• _Data excerpts_:
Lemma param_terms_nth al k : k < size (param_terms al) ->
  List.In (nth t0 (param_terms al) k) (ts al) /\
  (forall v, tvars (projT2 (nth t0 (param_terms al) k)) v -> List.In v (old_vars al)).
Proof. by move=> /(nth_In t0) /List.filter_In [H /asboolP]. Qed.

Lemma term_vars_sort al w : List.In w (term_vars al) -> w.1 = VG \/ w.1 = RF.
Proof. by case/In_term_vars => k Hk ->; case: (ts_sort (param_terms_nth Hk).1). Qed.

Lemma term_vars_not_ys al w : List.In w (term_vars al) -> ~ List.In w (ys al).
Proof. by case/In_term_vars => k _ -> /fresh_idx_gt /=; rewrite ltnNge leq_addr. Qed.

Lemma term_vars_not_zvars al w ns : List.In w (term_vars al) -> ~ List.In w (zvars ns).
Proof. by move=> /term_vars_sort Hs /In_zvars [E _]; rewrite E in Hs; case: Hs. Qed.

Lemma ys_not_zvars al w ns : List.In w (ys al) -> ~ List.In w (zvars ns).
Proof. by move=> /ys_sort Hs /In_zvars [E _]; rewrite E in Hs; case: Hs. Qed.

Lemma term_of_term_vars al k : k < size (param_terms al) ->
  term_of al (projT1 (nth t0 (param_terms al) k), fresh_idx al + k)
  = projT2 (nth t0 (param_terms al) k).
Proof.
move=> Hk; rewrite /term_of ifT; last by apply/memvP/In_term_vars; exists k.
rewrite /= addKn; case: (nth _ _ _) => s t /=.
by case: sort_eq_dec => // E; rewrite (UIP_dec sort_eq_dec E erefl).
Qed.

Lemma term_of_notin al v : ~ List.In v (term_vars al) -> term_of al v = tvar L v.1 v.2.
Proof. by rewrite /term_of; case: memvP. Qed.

• _What the task asks_:
Word for word, print every line above.

• _Solution to the problem_:
Lemma param_terms_nth al k : k < size (param_terms al) ->
  List.In (nth t0 (param_terms al) k) (ts al) /\
  (forall v, tvars (projT2 (nth t0 (param_terms al) k)) v -> List.In v (old_vars al)).
Proof. by move=> /(nth_In t0) /List.filter_In [H /asboolP]. Qed.

Lemma term_vars_sort al w : List.In w (term_vars al) -> w.1 = VG \/ w.1 = RF.
Proof. by case/In_term_vars => k Hk ->; case: (ts_sort (param_terms_nth Hk).1). Qed.

Lemma term_vars_not_ys al w : List.In w (term_vars al) -> ~ List.In w (ys al).
Proof. by case/In_term_vars => k _ -> /fresh_idx_gt /=; rewrite ltnNge leq_addr. Qed.

Lemma term_vars_not_zvars al w ns : List.In w (term_vars al) -> ~ List.In w (zvars ns).
Proof. by move=> /term_vars_sort Hs /In_zvars [E _]; rewrite E in Hs; case: Hs. Qed.

Lemma ys_not_zvars al w ns : List.In w (ys al) -> ~ List.In w (zvars ns).
Proof. by move=> /ys_sort Hs /In_zvars [E _]; rewrite E in Hs; case: Hs. Qed.

Lemma term_of_term_vars al k : k < size (param_terms al) ->
  term_of al (projT1 (nth t0 (param_terms al) k), fresh_idx al + k)
  = projT2 (nth t0 (param_terms al) k).
Proof.
move=> Hk; rewrite /term_of ifT; last by apply/memvP/In_term_vars; exists k.
rewrite /= addKn; case: (nth _ _ _) => s t /=.
by case: sort_eq_dec => // E; rewrite (UIP_dec sort_eq_dec E erefl).
Qed.

Lemma term_of_notin al v : ~ List.In v (term_vars al) -> term_of al v = tvar L v.1 v.2.
Proof. by rewrite /term_of; case: memvP. Qed.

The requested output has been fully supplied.